§ WHAT YOU NEED TO DO
Please transcribe the listing in its entirety, character for character.

§ RECORD EXTRACTS
Lemma hom0 (X Y : AbGroup) (f : Hom X Y) : f gzero = gzero.
Proof.
  assert (E : gadd (f gzero) (f gzero) = f gzero)
    by (rewrite <- hfun_add, gadd0; reflexivity).
  transitivity (gadd (gadd (gopp (f gzero)) (f gzero)) (f gzero)).
  { rewrite gaddN, gadd0; reflexivity. }
  rewrite <- gaddA, E. apply gaddN.
Qed.

Lemma gopp_hom (X Y : AbGroup) (f : Hom X Y) x : f (gopp x) = gopp (f x).
Proof.
  assert (E : gadd (f (gopp x)) (f x) = gzero)
    by (rewrite <- hfun_add, gaddN; apply hom0).
  rewrite <- (gadd0 (f (gopp x))), <- (gaddN (f x)), <- gaddA,
          (gaddC (f x) (f (gopp x))), E, gaddC, gadd0. reflexivity.
Qed.

Definition image_subgroup (X Y : AbGroup) (f : Hom X Y) : subgroup Y.
Proof.
  refine {| smem := fun y => exists x, f x = y |}.
  - exists gzero. apply hom0.
  - intros y1 y2 [x1 <-] [x2 <-]. exists (gadd x1 x2). apply hfun_add.
  - intros y [x <-]. exists (gopp x). apply gopp_hom.
Defined.

(** The composite F_K --(+)_K a_Z--> (+)_K LZ  c  prod_K LZ, as a function. *)
Definition sum_unit (L : localization) (K : Type) (x : FreeSum K) : Prod K (Lob L Zgrp) :=
  fun k => Lunit L Zgrp (proj1_sig x k).

(* Both halves rest on two facts: a homomorphism out of L F_K into a subgroup of
   the L-local group prod_K L Z is determined by its composite with a, and the free
   group F_K is projective.  For h : F_K -> N, lift h through the surjection
   g : L F_K -> N, extend the lift over a using that L F_K is local, and compose
   with g.  Conversely, if S is L_a-local and contains the image of F_K, the
   extension of F_K -> S over a agrees with g on a(F_K), hence everywhere, so
   g lands in S. *)
From Stdlib Require Import ZArith List Lia FunctionalExtensionality ProofIrrelevance
  ClassicalEpsilon Permutation.
Set Implicit Arguments.

Lemma gadd0r {A : AbGroup} (x : A) : gadd x gzero = x.
Proof. rewrite gaddC. apply gadd0. Qed.

Lemma gaddIr {A : AbGroup} (x y z : A) : gadd x z = gadd y z -> x = y.
Proof.
  intro H. rewrite <- (gadd0r x), <- (gadd0r y), <- (gaddN z), (gaddC (gopp z) z),
    !gaddA, H. reflexivity.
Qed.

Lemma gopp0 {A : AbGroup} : gopp (@gzero A) = gzero.
Proof. pose proof (gaddN (@gzero A)) as H. rewrite gadd0r in H. exact H. Qed.

Lemma gaddACA {A : AbGroup} (p q r s : A) :
  gadd (gadd p q) (gadd r s) = gadd (gadd p r) (gadd q s).
Proof. rewrite <- !gaddA. f_equal. rewrite !gaddA. f_equal. apply gaddC. Qed.

Lemma goppD {A : AbGroup} (x y : A) : gopp (gadd x y) = gadd (gopp x) (gopp y).
Proof.
  apply gaddIr with (z := gadd x y). rewrite gaddN, gaddACA, !gaddN, gadd0. reflexivity.
Qed.

Lemma gsub_eq {A : AbGroup} (u b c d : A) :
  gadd u d = gadd c b -> gadd u (gopp b) = gadd c (gopp d).
Proof.
  intro H. apply gaddIr with (z := gadd b d). rewrite <- !gaddA.
  rewrite (gaddA (gopp b) b d), gaddN, gadd0.
  rewrite (gaddC b d), (gaddA (gopp d) d b), gaddN, gadd0. exact H.
Qed.

Fixpoint natmul {A : AbGroup} (n : nat) (y : A) : A :=
  match n with O => gzero | S m => gadd y (natmul m y) end.

Lemma natmulD {A : AbGroup} m n (y : A) :
  natmul (m + n) y = gadd (natmul m y) (natmul n y).
Proof.
  induction m; simpl.
  - rewrite gadd0. reflexivity.
  - rewrite IHm, gaddA. reflexivity.
Qed.

Definition zmul {A : AbGroup} (z : Z) (y : A) : A :=
  gadd (natmul (Z.to_nat z) y) (gopp (natmul (Z.to_nat (- z)) y)).

Lemma zmulD {A : AbGroup} m n (y : A) : zmul (m + n) y = gadd (zmul m y) (zmul n y).
Proof.
  unfold zmul. rewrite gaddACA, <- goppD, <- !natmulD. apply gsub_eq.
  rewrite <- !natmulD. f_equal. lia.
Qed.

Lemma zmul0 {A : AbGroup} (y : A) : zmul 0 y = gzero.
Proof. unfold zmul. simpl. rewrite gadd0, gopp0. reflexivity. Qed.

Lemma hom_natmul {A B : AbGroup} (f : Hom A B) n y : f (natmul n y) = natmul n (f y).
Proof.
  induction n; simpl.
  - apply hom0.
  - rewrite hfun_add, IHn. reflexivity.
Qed.

Lemma hom_zmul {A B : AbGroup} (f : Hom A B) z y : f (zmul z y) = zmul z (f y).
Proof. unfold zmul. rewrite hfun_add, gopp_hom, !hom_natmul. reflexivity. Qed.

Definition lsum {A : AbGroup} {K : Type} (l : list K) (c : K -> Z) (y : K -> A) : A :=
  fold_right (fun k acc => gadd (zmul (c k) (y k)) acc) gzero l.

Lemma hom_lsum {A B : AbGroup} (f : Hom A B) {K : Type} (l : list K) c y :
  f (lsum l c y) = lsum l c (fun k => f (y k)).
Proof.
  induction l; simpl.
  - apply hom0.
  - rewrite hfun_add, hom_zmul, IHl. reflexivity.
Qed.

Lemma lsumD {A : AbGroup} {K : Type} (l : list K) c d (y : K -> A) :
  lsum l (fun k => (c k + d k)%Z) y = gadd (lsum l c y) (lsum l d y).
Proof.
  induction l; simpl.
  - rewrite gadd0. reflexivity.
  - rewrite IHl, zmulD, gaddACA. reflexivity.
Qed.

§ SOLUTION TO THIS EXERCISE
Lemma hom0 (X Y : AbGroup) (f : Hom X Y) : f gzero = gzero.
Proof.
  assert (E : gadd (f gzero) (f gzero) = f gzero)
    by (rewrite <- hfun_add, gadd0; reflexivity).
  transitivity (gadd (gadd (gopp (f gzero)) (f gzero)) (f gzero)).
  { rewrite gaddN, gadd0; reflexivity. }
  rewrite <- gaddA, E. apply gaddN.
Qed.

Lemma gopp_hom (X Y : AbGroup) (f : Hom X Y) x : f (gopp x) = gopp (f x).
Proof.
  assert (E : gadd (f (gopp x)) (f x) = gzero)
    by (rewrite <- hfun_add, gaddN; apply hom0).
  rewrite <- (gadd0 (f (gopp x))), <- (gaddN (f x)), <- gaddA,
          (gaddC (f x) (f (gopp x))), E, gaddC, gadd0. reflexivity.
Qed.

Definition image_subgroup (X Y : AbGroup) (f : Hom X Y) : subgroup Y.
Proof.
  refine {| smem := fun y => exists x, f x = y |}.
  - exists gzero. apply hom0.
  - intros y1 y2 [x1 <-] [x2 <-]. exists (gadd x1 x2). apply hfun_add.
  - intros y [x <-]. exists (gopp x). apply gopp_hom.
Defined.

(** The composite F_K --(+)_K a_Z--> (+)_K LZ  c  prod_K LZ, as a function. *)
Definition sum_unit (L : localization) (K : Type) (x : FreeSum K) : Prod K (Lob L Zgrp) :=
  fun k => Lunit L Zgrp (proj1_sig x k).

(* Both halves rest on two facts: a homomorphism out of L F_K into a subgroup of
   the L-local group prod_K L Z is determined by its composite with a, and the free
   group F_K is projective.  For h : F_K -> N, lift h through the surjection
   g : L F_K -> N, extend the lift over a using that L F_K is local, and compose
   with g.  Conversely, if S is L_a-local and contains the image of F_K, the
   extension of F_K -> S over a agrees with g on a(F_K), hence everywhere, so
   g lands in S. *)
From Stdlib Require Import ZArith List Lia FunctionalExtensionality ProofIrrelevance
  ClassicalEpsilon Permutation.
Set Implicit Arguments.

Lemma gadd0r {A : AbGroup} (x : A) : gadd x gzero = x.
Proof. rewrite gaddC. apply gadd0. Qed.

Lemma gaddIr {A : AbGroup} (x y z : A) : gadd x z = gadd y z -> x = y.
Proof.
  intro H. rewrite <- (gadd0r x), <- (gadd0r y), <- (gaddN z), (gaddC (gopp z) z),
    !gaddA, H. reflexivity.
Qed.

Lemma gopp0 {A : AbGroup} : gopp (@gzero A) = gzero.
Proof. pose proof (gaddN (@gzero A)) as H. rewrite gadd0r in H. exact H. Qed.

Lemma gaddACA {A : AbGroup} (p q r s : A) :
  gadd (gadd p q) (gadd r s) = gadd (gadd p r) (gadd q s).
Proof. rewrite <- !gaddA. f_equal. rewrite !gaddA. f_equal. apply gaddC. Qed.

Lemma goppD {A : AbGroup} (x y : A) : gopp (gadd x y) = gadd (gopp x) (gopp y).
Proof.
  apply gaddIr with (z := gadd x y). rewrite gaddN, gaddACA, !gaddN, gadd0. reflexivity.
Qed.

Lemma gsub_eq {A : AbGroup} (u b c d : A) :
  gadd u d = gadd c b -> gadd u (gopp b) = gadd c (gopp d).
Proof.
  intro H. apply gaddIr with (z := gadd b d). rewrite <- !gaddA.
  rewrite (gaddA (gopp b) b d), gaddN, gadd0.
  rewrite (gaddC b d), (gaddA (gopp d) d b), gaddN, gadd0. exact H.
Qed.

Fixpoint natmul {A : AbGroup} (n : nat) (y : A) : A :=
  match n with O => gzero | S m => gadd y (natmul m y) end.

Lemma natmulD {A : AbGroup} m n (y : A) :
  natmul (m + n) y = gadd (natmul m y) (natmul n y).
Proof.
  induction m; simpl.
  - rewrite gadd0. reflexivity.
  - rewrite IHm, gaddA. reflexivity.
Qed.

Definition zmul {A : AbGroup} (z : Z) (y : A) : A :=
  gadd (natmul (Z.to_nat z) y) (gopp (natmul (Z.to_nat (- z)) y)).

Lemma zmulD {A : AbGroup} m n (y : A) : zmul (m + n) y = gadd (zmul m y) (zmul n y).
Proof.
  unfold zmul. rewrite gaddACA, <- goppD, <- !natmulD. apply gsub_eq.
  rewrite <- !natmulD. f_equal. lia.
Qed.

Lemma zmul0 {A : AbGroup} (y : A) : zmul 0 y = gzero.
Proof. unfold zmul. simpl. rewrite gadd0, gopp0. reflexivity. Qed.

Lemma hom_natmul {A B : AbGroup} (f : Hom A B) n y : f (natmul n y) = natmul n (f y).
Proof.
  induction n; simpl.
  - apply hom0.
  - rewrite hfun_add, IHn. reflexivity.
Qed.

Lemma hom_zmul {A B : AbGroup} (f : Hom A B) z y : f (zmul z y) = zmul z (f y).
Proof. unfold zmul. rewrite hfun_add, gopp_hom, !hom_natmul. reflexivity. Qed.

Definition lsum {A : AbGroup} {K : Type} (l : list K) (c : K -> Z) (y : K -> A) : A :=
  fold_right (fun k acc => gadd (zmul (c k) (y k)) acc) gzero l.

Lemma hom_lsum {A B : AbGroup} (f : Hom A B) {K : Type} (l : list K) c y :
  f (lsum l c y) = lsum l c (fun k => f (y k)).
Proof.
  induction l; simpl.
  - apply hom0.
  - rewrite hfun_add, hom_zmul, IHl. reflexivity.
Qed.

Lemma lsumD {A : AbGroup} {K : Type} (l : list K) c d (y : K -> A) :
  lsum l (fun k => (c k + d k)%Z) y = gadd (lsum l c y) (lsum l d y).
Proof.
  induction l; simpl.
  - rewrite gadd0. reflexivity.
  - rewrite IHl, zmulD, gaddACA. reflexivity.
Qed.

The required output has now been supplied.